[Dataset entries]
Lemma exists_orthoproj_fixing m (s : seq 'cV[C]_m) : exists Q : 'M[C]_m,
  [/\ orthoproj Q, {in s, forall w, Q *m w = w} & trR Q <= (size s)%:R].
Proof.
elim: s => [|w s [Q [[hQ hQQ] hQs trQ]]].
  exists 0; split => //; last by rewrite /trR mxtrace0.
  by split; [exact: raddf0 | exact: mulmx0].
set r := w - Q *m w.
have Qr : Q *m r = 0 by rewrite /r mulmxBr mulmxA hQQ subrr.
have rQ : adjmx r *m Q = 0 by rewrite -hQ -adjmxM Qr raddf0.
have Qw_r : w = r + Q *m w by rewrite /r subrK.
have [r0|rn0] := eqVneq r 0.
  exists Q; split => // [v|]; last by rewrite (le_trans trQ) // ler_nat.
  by rewrite inE => /predU1P[->|/hQs //]; rewrite {2}Qw_r r0 add0r.
set d := inner r r.
have dn0 : d != 0 by apply: contraNneq rn0 => /inner_eq0 ->.
have d_conj : conjc d^-1 = d^-1 by rewrite fmorphV /= inner_conj.
have rr : adjmx r *m r = d%:M := adjmx_mul_inner r r.
(* Gram-Schmidt step: add the projector onto the component of [w] orthogonal to [Q]. *)
exists (Q + d^-1 *: (r *m adjmx r)); split.
- split; first by rewrite raddfD /= adjmxZ adjmxM adjmxK hQ d_conj.
  rewrite mulmxDl !mulmxDr hQQ -!scalemxAl -!scalemxAr !mulmxA Qr mul0mx scaler0 addr0.
  rewrite -(mulmxA r _ Q) rQ mulmx0 scaler0 add0r -(mulmxA r _ r) rr mul_mx_scalar.
  by rewrite -scalemxAl !scalerA mulVf // mulr1.
- move=> v; rewrite inE mulmxDl -scalemxAl -mulmxA => /predU1P[->|vs].
    have -> : adjmx r *m w = d%:M.
      by rewrite {1}Qw_r mulmxDr rr mulmxA rQ mul0mx addr0.
    by rewrite mul_mx_scalar scalerA mulVf // scale1r addrC -Qw_r.
  by rewrite -{2}(hQs _ vs) (mulmxA (adjmx r)) rQ mul0mx mulmx0 scaler0 addr0 hQs.
- rewrite trRD {2}/trR mxtraceZ mxtrace_mulC rr mxtrace_scalar mulr1n mulVf //.
  by rewrite /= -natr1 lerD2r.
Qed.

Lemma trR_cauchy_schwarz m (T Q : 'M[C]_m) :
  adjmx T = T -> orthoproj Q -> T *m Q = T -> trR T ^+ 2 <= trR Q * trR (T *m T).
Proof.
move=> hT [hQ hQQ] TQ.
have QT : Q *m T = T by rewrite -[LHS]adjmxK adjmxM hT hQ TQ hT.
have TT_psd : psd (T *m T) by have := psd_adj_mul T; rewrite hT.
have quad (a b : R) :
    0 <= a ^+ 2 * trR Q - 2 * a * b * trR T + b ^+ 2 * trR (T *m T).
  pose M := a%:C *: Q - b%:C *: T.
  have hM : adjmx M = M by rewrite raddfB /= !adjmxZ !conjc_real hQ hT.
  have MM : M *m M = (a * a)%:C *: Q - (a * b)%:C *: T
                     - ((b * a)%:C *: T - (b * b)%:C *: (T *m T)).
    by rewrite mulmxBl !mulmxBr -!scalemxAl -!scalemxAr hQQ QT TQ !scalerA !rmorphM.
  have := trR_psd_ge0 (psd_adj_mul M).
  by rewrite hM MM !trRB !trRZ; nra.
have [T0|h_neq0] := eqVneq (trR (T *m T)) 0.
  have /mxtrace_adj_mul_eq0 T_eq0 : \tr (adjmx T *m T) = 0 by rewrite hT mxtrace_psdE // T0.
  by rewrite T0 mulr0 T_eq0 /trR mxtrace0 /= expr0n.
have h_gt0 : 0 < trR (T *m T) by rewrite lt_def h_neq0 trR_psd_ge0.
have := quad (trR (T *m T)) (trR T); nra.
Qed.

(* [X] has rank at most [k]: apply Cauchy-Schwarz to [sqrt (X^* X)] and a projector
   of trace at most [k] fixing its range. *)
Lemma trnorm_sum_outer_sq m k (v w : 'I_k -> 'cV[C]_m) (X : 'M[C]_m) :
  X = \sum_i v i *m adjmx (w i) -> trnorm X ^+ 2 <= k%:R * trR (adjmx X *m X).
Proof.
move=> hX; have XX_ge0 := trR_psd_ge0 (psd_adj_mul X).
rewrite /trnorm; have [hT [TT|->]] := psd_sqrtP (adjmx X *m X); last first.
  by rewrite /trR mxtrace0 /= expr0n mulr_ge0.
set T := psd_sqrt _ in hT TT *.
have [Q [hQ hQw trQ]] := exists_orthoproj_fixing [seq w i | i <- enum 'I_k].
have XQ : X *m (1%:M - Q) = 0.
  rewrite hX mulmx_suml big1 // => i _; rewrite -mulmxA.
  have -> : adjmx (w i) *m (1%:M - Q) = adjmx ((1%:M - Q) *m w i).
    by rewrite adjmxM [adjmx (_ - _)]raddfB /= adjmx1 hQ.1.
  by rewrite mulmxBl mul1mx hQw ?subrr ?raddf0 ?mulmx0 // map_f ?mem_enum.
have TQ : T *m Q = T.
  apply/mulmx_id_compl/mx_eq0_delta => j; rewrite -mulmxA; apply: inner_eq0.
  rewrite -{1}(psd_herm hT) -inner_adjmx mulmxA TT -mulmxA inner_adjmx adjmxK.
  by rewrite mulmxA XQ mul0mx /inner mulmx0 mxE.
apply: le_trans (trR_cauchy_schwarz (psd_herm hT) hQ TQ) _.
rewrite TT ler_wpM2r // (le_trans trQ) //.
by rewrite size_map size_enum_ord.
Qed.

Lemma lec_Re (z w : C) : z <= w -> complex.Re z <= complex.Re w.
Proof. by rewrite lecE => /andP[]. Qed.

Lemma trnorm_scale_orthoproj m (P : 'M[C]_m) (c : R) :
  orthoproj P -> 0 <= c -> trnorm (c%:C *: P) = c * trR P.
Proof.
move=> [hP hPP] c_ge0; rewrite /trnorm adjmxZ conjc_real hP -scalemxAl -scalemxAr hPP.
by rewrite scalerA psd_sqrt_scale_orthoproj ?ler0c ?trRZ.
Qed.

Lemma loewner_leZ m (c : C) (A B : 'M[C]_m) :
  0 <= c -> loewner_le A B -> loewner_le (c *: A) (c *: B).
Proof. by move=> c_ge0 hAB; rewrite /loewner_le -scalerBr; apply: psdZ. Qed.

Lemma pdist_le_gfid m (rho sigma : 'M[C]_m) (eps : R) :
  0 <= eps -> pdist rho sigma <= eps -> 1 - eps ^+ 2 <= gfid rho sigma ^+ 2.
Proof.
rewrite /pdist => eps_ge0 hd.
have : 1 - gfid rho sigma ^+ 2 <= eps ^+ 2.
  by rewrite -(ler_sqrt _ (sqr_ge0 eps)) sqrtr_sqr ger0_norm.
lra.
Qed.

Lemma powR2_Nlog2 (c : R) : 0 < c -> 2 `^ (- log2 (1 / c)) = c.
Proof.
move=> c_gt0; rewrite /powR pnatr_eq0 /= /log2 div1r lnV ?posrE //.
have ln2_neq0 : ln (2 : R) != 0 by rewrite gt_eqF // ln_gt0 // ltr1n.
by rewrite mulNr -mulrA mulVf // mulr1 opprK lnK.
Qed.

Lemma le_log2 (c l : R) : 0 < c -> c <= 2 `^ (- l) -> l <= log2 (1 / c).
Proof.
move=> c_gt0; rewrite -ler_ln ?posrE ?powR_gt0 // ln_powR => hc.
have ln2_gt0 : 0 < ln (2 : R) by rewrite ln_gt0 // ltr1n.
by rewrite /log2 div1r lnV ?posrE // ler_pdivlMr //; lra.
Qed.

Section OrthonormalFamily.
Variables (m k : nat) (f : 'I_k -> 'cV[C]_m).

Definition span_proj : 'M[C]_m := \sum_i f i *m adjmx (f i).

Lemma mxtrace_span_proj_mul (A : 'M[C]_m) :
  \tr (span_proj *m A) = \sum_i inner (f i) (A *m f i).
Proof.
rewrite /span_proj mulmx_suml raddf_sum; apply: eq_bigr => i _ /=.
by rewrite -mulmxA mxtrace_mulC -mulmxA adjmx_mul_inner mxtrace_scalar.
Qed.
(* Let $T$ be a quasi-binary tree with vertex weight function $\omega:V(T)\to\mathbb{R}$. Let $k\ge 2$ be an integer and let $\gamma\in\mathbb{R}$ with $\gamma\ge \omega_3$. If $$\omega(T)\ge \max\left\{\frac{2k-1}{2}\,\omega_1-\frac{1}{2}\,\gamma,\ (2k-1)\,\omega_2-k\gamma\right\},$$ then $$\beta_k(T)\ge \frac{\omega(T)-(k-1)\gamma}{2k-1}.$$
   Context: A binary tree is a tree in which every vertex has degree $3$, except for pending vertices (degree $1$) and one root vertex (degree $2$). A tree is quasi-binary if it is a connected subgraph of a binary tree; in particular every vertex has degree $1$, $2$ or $3$. Given a weight function $\omega:V(T)\to\mathbb{R}$, for a subgraph $H$ write $\omega(H)=\sum_{v\in V(H)}\omega(v)$. For $i=1,2,3$ let $V_i$ be the set of vertices of degree $i$, and let $\omega_i=\max\{\omega(v): v\in V_j \text{ for some } j \text{ with } i\le j\le 3\}$ (the maximum weight of a vertex of degree at least $i$). For an integer $1\le k\le |V(T)|-1$, a $k$-separator of $T$ is a set $F\subseteq E(T)$ with $|F|=k-1$; its deletion yields $k$ connected components $C^1_F(T),\dots,C^k_F(T)$. Define $$\beta_k(T)=\max_{F\subseteq E(T),\,|F|=k-1}\ \min_{1\le i\le k}\omega(C^i_F(T)).$$ *)

From HB Require Import structures.
From mathcomp Require Import all_boot all_order all_algebra.
Set Implicit Arguments. Unset Strict Implicit. Unset Printing Implicit Defensive.
Import Order.TTheory GRing.Theory Num.Theory.
Local Open Scope ring_scope.

Section Graphs.
Variable T : finType.
Variable e : rel T.

Definition deg (v : T) : nat := #|[set u | e v u]|.

Definition edges : {set {set T}} := [set [set x; y] | x in T, y in T & e x y].

Definition is_tree : Prop :=
  [/\ 0 < #|T|, symmetric e, irreflexive e,
      (forall x y, connect e x y) &
      (forall s : seq T, uniq s -> 3 <= size s -> ~~ cycle e s)]%N.

Definition is_binary_tree : Prop :=
  is_tree /\ exists r : T, deg r = 2%N /\
    forall v, v != r -> deg v = 1%N \/ deg v = 3%N.
End Graphs.

Definition is_quasi_binary_tree (T : finType) (e : rel T) : Prop :=
  is_tree e /\
  exists (B : finType) (eB : rel B) (f : T -> B),
    [/\ is_binary_tree eB, injective f & forall x y, e x y -> eB (f x) (f y)].

Section Beta.
Variable R : realFieldType.
Variable T : finType.
Variable e : rel T.
Variable w : T -> R.

Definition wset (A : {set T}) : R := \sum_(v in A) w v.
Definition wT : R := \sum_(v : T) w v.

Definition del_rel (F : {set {set T}}) : rel T :=
  fun x y => e x y && ([set x; y] \notin F).

Definition components (F : {set {set T}}) : {set {set T}} :=
  [set [set y | connect (del_rel F) x y] | x in T].

Definition seqmin (s : seq R) : R := foldr Num.min (head 0 s) s.
Definition seqmax (s : seq R) : R := foldr Num.max (head 0 s) s.

Definition min_comp_weight (F : {set {set T}}) : R :=
  seqmin [seq wset C | C <- enum (components F)].

Definition separators (k : nat) : seq {set {set T}} :=
  [seq F : {set {set T}} <- enum {set {set T}} | (F \subset edges e) && (#|F| == k.-1)%N].

Definition beta (k : nat) : R := seqmax [seq min_comp_weight F | F <- separators k].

--- EXERCISE ---
Using the records above, gather all lines where the string "adjmxK" is present.

--- REPLY TO THE EXERCISE ---
- split; first by rewrite raddfD /= adjmxZ adjmxM adjmxK hQ d_conj.
have QT : Q *m T = T by rewrite -[LHS]adjmxK adjmxM hT hQ TQ hT.
  rewrite -{1}(psd_herm hT) -inner_adjmx mulmxA TT -mulmxA inner_adjmx adjmxK.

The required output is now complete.